Face à un «partenariat unilatéral» qui prévaut jusqu’à présent, fortement orienté vers les priorités européennes, il faudrait promouvoir un Partenariat qui assure une approche commune des priorités, une distribution des ressources en fonction de critères conjointement définis et une cogestion dans la mise en œuvre des décisions. Un partenariat entre des acteurs égaux exige de repenser les pratiques de coopération au développement de l’Union européenne comme de ses Etats membres en Afrique. Dans cette perspective, donner du sens au concept du partenariat «entre acteurs égaux» présuppose de coupler le principe de coresponsabilité avec le principe de codécision.

Réformer les instruments
Pour assurer l’efficacité des domaines d’action et rénover, en conséquence, les relations entre les deux partenaires, il est crucial de réformer les instruments du partenariat, notamment dans deux domaines clés: le cadre institutionnel, avec la mise en œuvre des réformes de l’Union africaine et le redressement des dysfonctionnements des structures de coopération de la Commission européenne; une mobilisation adéquate et efficace des ressources financières et la mise en place d’instruments de financement innovants.

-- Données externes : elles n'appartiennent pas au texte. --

(* Let $\lambda=(n,n)$ with $n\ge1$. Then $$\xi(q)=\sum_k|S_k(\lambda)|q^k=\sum_{i=1}^{n}B(n-1,n-i)(1+q)^i=\sum_{i=1}^n\frac{i}{n}\binom{2n-i-1}{n-i}(1+q)^i,$$ where $B(\alpha,\beta)=\frac{\alpha-\beta+1}{\alpha+1}\binom{\alpha+\beta}{\alpha}$ is the ballot number.
   Context: The shape $(n,n)$ has two rows of $n$ left-justified boxes. A row-standard filling uses $1,\dots,2n$ once each with rows strictly increasing left to right. Inversion pairs of a row-standard $\tau$: for a box $c$ and $r\ge1$ let $c^{(r)}$ be the box $r$ positions to its right, if it exists. For distinct boxes $c,c'$ in the same column with $\tau(c)<\tau(c')$, let $r\ge1$ be least such that one of $c^{(r)},c'^{(r)}$ does not exist or $\tau(c^{(r)})\ne\tau(c'^{(r)})$; $(c,c')$ is an inversion pair if either (one does not exist and $c$ lies below $c'$) or (both exist and $\tau(c^{(r)})>\tau(c'^{(r)})$). $S_k(\lambda)$: row-standard fillings of shape $\lambda$ with exactly $k$ inversion pairs. *)

From HB Require Import structures.
From mathcomp Require Import all_boot all_order all_algebra.
Set Implicit Arguments. Unset Strict Implicit. Unset Printing Implicit Defensive.
Import GRing.Theory Num.Theory.

(* Boxes of the shape (n,n): (row, column); row 0 is the top row, row 1 the
   bottom row (English convention); columns 0..n-1 left to right. *)
Definition box (n : nat) := ('I_2 * 'I_n)%type.

(* A filling of (n,n) with the numbers 1..2n: the value at box c is
   (t c).+1 where t c : 'I_(2n). *)
Definition filling (n : nat) := {ffun box n -> 'I_(2 * n)}.

Definition entry n (t : filling n) (c : box n) : nat := (t c).+1.

Definition row_standard n (t : filling n) : bool :=
  injectiveb (fun c : box n => t c) &&
  [forall c : box n, forall c' : box n,
     (c.1 == c'.1) && (c.2 < c'.2)%N ==> (entry t c < entry t c')%N].

Definition right n (c : box n) (r : nat) : option (box n) :=
  match @insub nat (fun k => k < n)%N 'I_n (c.2 + r)%N with
  | Some j => Some (c.1, j)
  | None => None
  end.

Definition stop_at n (t : filling n) (c c' : box n) (r : nat) : bool :=
  match right c r, right c' r with
  | Some d, Some d' => entry t d != entry t d'
  | _, _ => true
  end.

(* least r >= 1 with stop_at (such r <= n always exists since c^(n) does not
   exist). *)
Definition least_r n (t : filling n) (c c' : box n) : nat :=
  (find (stop_at t c c') (iota 1 n)).+1.

Definition inv_pair n (t : filling n) (c c' : box n) : bool :=
  [&& c != c', c.2 == c'.2, (entry t c < entry t c')%N &
   match right c (least_r t c c'), right c' (least_r t c c') with
   | Some d, Some d' => (entry t d > entry t d')%N
   | _, _ => (c'.1 < c.1)%N  (* c lies below c' *)
   end].

Definition inv n (t : filling n) : nat :=
  #|[set p : box n * box n | inv_pair t p.1 p.2]|.

Definition S (n k : nat) : {set filling n} :=
  [set t : filling n | row_standard t && (inv t == k)].

Definition ballot (a b : nat) : rat :=
  ((a%:Z - b%:Z + 1)%:~R / (a.+1)%:R) * ('C(a + b, a))%:R.

(* Record which of the values 1..2n of a row-standard filling of (n,n) lie in
   the bottom row: this is a bijection onto the words with n letters [false]
   (top) and n letters [true] (bottom), and column j pairs the j-th [false] with
   the j-th [true].  Inversion pairs lie in a single column and, the entries
   being distinct, are decided by the next column; so a column contributes one
   inversion exactly when it is "bottom first" and its right neighbour is not,
   or vice versa (a virtual last column being "top first").  Columns of the same
   excursion of the word, read as a lattice path, have the same type, hence the
   inversion number counts type changes between consecutive excursions.  A word
   with i excursions whose types are free contributes (1 + q)^i in total, and
   the Dyck paths with i returns are counted by the ballot number
   B(n-1, n-i).  Formally, the generating polynomial is computed for all words
   with a letters [false] and b letters [true] by recursion on the first
   letter, in closed form through nat ballot numbers and the even and odd parts
   of (1 + X)^j. *)

From Pilot Require Import Defs.
From HB Require Import structures.
From mathcomp Require Import all_boot all_order all_algebra.
From mathcomp Require Import zify ring.
Set Implicit Arguments. Unset Strict Implicit. Unset Printing Implicit Defensive.
Import GRing.Theory Num.Theory.
Import Defs.

(** * Words and their flip statistic *)

Definition ntop (w : seq bool) : nat := count negb w.
Definition nbot (w : seq bool) : nat := count id w.

Lemma ntop_cons x w : ntop (x :: w) = ~~ x + ntop w. Proof. by []. Qed.
Lemma nbot_cons x w : nbot (x :: w) = x + nbot w. Proof. by []. Qed.

Lemma size_ntop_nbot w : size w = ntop w + nbot w.
Proof. by elim: w => [|[] w IH] //=; rewrite IH ?addnS. Qed.

Fixpoint words (a : nat) : nat -> seq (seq bool) :=
  fix words_a b :=
    (if a is a'.+1 then map (cons false) (words a' b)
     else if b is 0 then [:: [::]] else [::]) ++
    (if b is b'.+1 then map (cons true) (words_a b') else [::]).

Lemma wordsE a b : words a b =
  (if a is a'.+1 then map (cons false) (words a' b)
   else if b is 0 then [:: [::]] else [::]) ++
  (if b is b'.+1 then map (cons true) (words a b') else [::]).
Proof. by case: a; case: b. Qed.

Lemma words_succ a b :
  words a.+1 b.+1 = map (cons false) (words a b.+1) ++ map (cons true) (words a.+1 b).
Proof. exact: wordsE. Qed.

Lemma cons_mem_map_cons (x y : bool) w L :
  (y :: w \in map (cons x) L) = (y == x) && (w \in L).
Proof. by apply/mapP/andP => [[w' w'_in [-> ->]] // | [/eqP -> w_in]]; exists w. Qed.

Lemma nil_mem_map_cons (x : bool) L : ([::] \in map (cons x) L) = false.
Proof. by apply/mapP => -[]. Qed.

Lemma mem_words a b w : (w \in words a b) = (ntop w == a) && (nbot w == b).
Proof.
elim: w a b => [|x w IH] a b.
  by rewrite wordsE; case: a => [|a]; case: b => [|b] //=;
    rewrite ?mem_cat ?nil_mem_map_cons.
rewrite wordsE mem_cat.
case: a => [|a]; case: b => [|b];
  rewrite ?cons_mem_map_cons ?IH ?in_nil ?orbF ?orFb //=;
  by case: x; rewrite /= ?add0n ?add1n ?eqSS ?andbF ?orbF.
Qed.

Lemma uniq_words a b : uniq (words a b).
Proof.
have cons_inj (x : bool) : injective (cons x) by move=> ? ? [].
elim: a b => [|a IHa] b; elim: b => [|b IHb] //.
- by rewrite wordsE cat0s (map_inj_uniq (cons_inj _)).
- by rewrite wordsE cats0 (map_inj_uniq (cons_inj _)).
- rewrite wordsE cat_uniq !(map_inj_uniq (cons_inj _)) IHa IHb andbT /=.
  by apply/hasP => -[w /mapP[w1 _ ->]] /mapP[w2 _] [].
Qed.

(* Reading [w] from the right, each letter followed by a balanced suffix closes
   a block (an excursion of the lattice path); the block is [true]-first iff
   that letter is [false].  [flips w] is the type of the leftmost block and the
   number of type changes between consecutive blocks, a virtual [false]-first
   block being placed after the end of [w]. *)
Fixpoint flips (w : seq bool) : bool * nat :=
  if w is x :: w' then
    if nbot w' == ntop w' then (~~ x, (flips w').2 + (~~ x != (flips w').1))
    else flips w'
  else (false, 0).

Lemma flips_cons_balanced x w : nbot w = ntop w ->
  flips (x :: w) = (~~ x, (flips w).2 + (~~ x != (flips w).1)).
Proof. by move=> /= ->; rewrite eqxx. Qed.

Lemma flips_cons_unbalanced x w : nbot w != ntop w -> flips (x :: w) = flips w.
Proof. by move=> /= /negbTE ->. Qed.

Lemma flips_type_unbalanced w :
  ((ntop w < nbot w)%N -> (flips w).1 = false) /\
  ((nbot w < ntop w)%N -> (flips w).1 = true).
Proof.
elim: w => [|x w [IH1 IH2]] //=.
case: ifP => /eqP bal; case: x; rewrite /= ?ntop_cons ?nbot_cons /=; split => // lt.
all: first [by exfalso; lia | by rewrite IH1 //; lia | by rewrite IH2 //; lia].
Qed.

Lemma flips_cons_words x a b w : a != b -> w \in words a b -> flips (x :: w) = flips w.
Proof.
move=> neq_ab; rewrite mem_words => /andP[/eqP ta /eqP tb].
by rewrite flips_cons_unbalanced // ta tb eq_sym.
Qed.

Lemma flips_type_words a b w : w \in words a b ->
  ((a < b)%N -> (flips w).1 = false) /\ ((b < a)%N -> (flips w).1 = true).
Proof. by rewrite mem_words => /andP[/eqP <- /eqP <-]; apply: flips_type_unbalanced. Qed.

(** * From fillings to words *)

Fixpoint positions (b : bool) (w : seq bool) : seq nat :=
  match w with
  | [::] => [::]
  | x :: w' => (if x == b then [:: 0] else [::]) ++ map succn (positions b w')
  end.

Lemma size_positions_false w : size (positions false w) = ntop w.
Proof. by elim: w => [|x w IH] //=; case: x; rewrite /= size_map IH. Qed.
Lemma size_positions_true w : size (positions true w) = nbot w.
Proof. by elim: w => [|x w IH] //=; case: x; rewrite /= size_map IH. Qed.

Lemma mem_positions b w v : (v \in positions b w) = (v < size w) && (nth false w v == b).
Proof.
elim: w v => [|x w IH] v //=.
rewrite mem_cat; case: v => [|v] /=.
  case: (x == b); rewrite ?inE //=; apply/mapP => -[] //.
rewrite (mem_map succn_inj) IH ltnS.
by case: (x == b).
Qed.

Lemma sorted_positions b w : sorted ltn (positions b w).
Proof.
elim: w => [|x w IH] //=.
have sorted_succ : sorted ltn (map succn (positions b w)) by rewrite sorted_map.
by case: (x == b); case: (positions b w) sorted_succ.
Qed.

Dans cette perspective, l’approche traditionnelle de la coopération par projets, décidés, gérés et mis en œuvre par des acteurs européens, doit être remplacée par une approche basée sur la convergence des intérêts et pleinement alignée sur les politiques nationales et régionales. Un cadre de financement conséquent devrait être mis en œuvre. Il est possible d’y parvenir, en s’appuyant sur les initiatives proposées dans le cadre de l’Alliance Afrique-Europe pour un investissement et des emplois durables.